Ruiz, S.; Chiesa, C.; Perez-Torrado, V.; Nada, L.; Mezzano, R.; Vazquez, C.; Santos, L.; Criscuolo, Z.; Serra, M.; Marambaud, P.; Escande, C.

Objective: Hereditary hemorrhagic telangiectasia (HHT) is a vascular genetic disorder caused by endothelial cell dysfunction and characterized by telangiectasias and arteriovenous malformations (AVMs). HHT results primarily from loss-of-function mutations affecting components of the BMP9-ALK1-ENG-SMAD signaling cascade, a pathway essential for endothelial quiescence and vascular homeostasis, and currently lacks a cure. Here, we investigated whether nitazoxanide, an orally bioavailable drug with extensive clinical use, can modulate endothelial signaling relevant to HHT. Approach and Results: Nitazoxanide treatment activated SMAD1/5/8 signaling and increased expression of the downstream target ID1 in endothelial cells, while concurrently inhibiting mTOR signaling, indicating a dual modulatory effect on pathways implicated in HHT pathogenesis. In vivo, nitazoxanide activated SMAD signaling in BMP9/10-immunoblocked mice and significantly reduced AVM formation and hypervascularization. Importantly, nitazoxanide restored SMAD1/5/8 activation and ID1 expression in patient-derived blood outgrowth endothelial cells harboring loss-of-function mutations in ALK1 or SMAD4, which exhibit impaired BMP signaling.

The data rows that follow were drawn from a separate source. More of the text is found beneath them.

Lemma stellar_star F tau sigma0 sigma' :
  sigma0 \in F -> tau `<=` sigma0 -> sigma' `<=` sigma0 -> ~~ (tau `<=` sigma') ->
  barycenter tau |` sigma' \in stellar F tau.
Proof.
move=> s0F ts0 s's0 nts'; rewrite in_fsetU; apply/orP; right.
apply/imfset2P; exists sigma0; first by rewrite !inE /= s0F ts0.
by exists sigma'; rewrite //= !inE /= fpowersetE s's0 nts'.
Qed.

Lemma stellar_inv F tau sigma : sigma \in stellar F tau ->
  sigma \in F \/ exists2 sigma0, sigma0 \in F &
    exists2 sigma', sigma' `<=` sigma0 & sigma = barycenter tau |` sigma'.
Proof.
rewrite in_fsetU => /orP [/imfsetP [x /=]|/imfset2P [x /=]].
  by rewrite inE => /andP [xF _] ->; left.
rewrite !inE => /andP [xF _] [y /=]; rewrite !inE /= => /andP [yx _] ->.
by right; exists x => //; exists y; rewrite -?fpowersetE.
Qed.

End Stellar.

Section FiniteLattice.
Context {disp : Order.disp_t} {L : finTBLatticeType disp}.
Implicit Types (X Y a : L) (C T : {set L}).

Definition antichain T : bool :=
  [forall x in T, forall y in T, (x != y) ==> ~~ ((x <= y) || (y <= x))].

Definition maximal C : {set L} := [set c in C | [forall c' in C, ~~ (c < c')]].

Lemma antichainS T1 T2 : T1 \subset T2 -> antichain T2 -> antichain T1.
Proof.
move=> /subsetP sT12 /forall_inP aT2; apply/forall_inP => x xT1.
by apply/forall_inP => y yT1; have /forall_inP := aT2 x (sT12 x xT1); apply; apply: sT12.
Qed.

Lemma maximal_sub C : maximal C \subset C.
Proof. by apply/subsetP => c; rewrite inE => /andP []. Qed.

Lemma maximal_above C c : c \in C -> exists2 m, m \in maximal C & c <= m.
Proof.
move=> cC; pose P m := (m \in C) && (c <= m).
have Pc : P c by rewrite /P cC lexx.
have [m /andP [mC cm] m_max] := arg_maxnP (fun m => #|[set z : L | z <= m]|) Pc.
exists m => //; rewrite inE mC; apply/forall_inP => m' m'C; apply/negP => mm'.
have /m_max : P m' by rewrite /P m'C (le_trans cm (ltW mm')).
apply/negP; rewrite -ltnNge; apply/proper_card/properP; split.
  by apply/subsetP => z; rewrite !inE => /le_trans; apply; apply: ltW.
by exists m'; rewrite !inE ?lexx // lt_geF.
Qed.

Conclusion: These findings identify nitazoxanide as a pharmacological modulator capable of activating BMP?SMAD signaling while restraining mTOR activity, thereby overcoming key signaling defects in HHT endothelial cells. Collectively, our results highlight nitazoxanide as a promising therapeutic candidate to target endothelial dysfunction in HHT.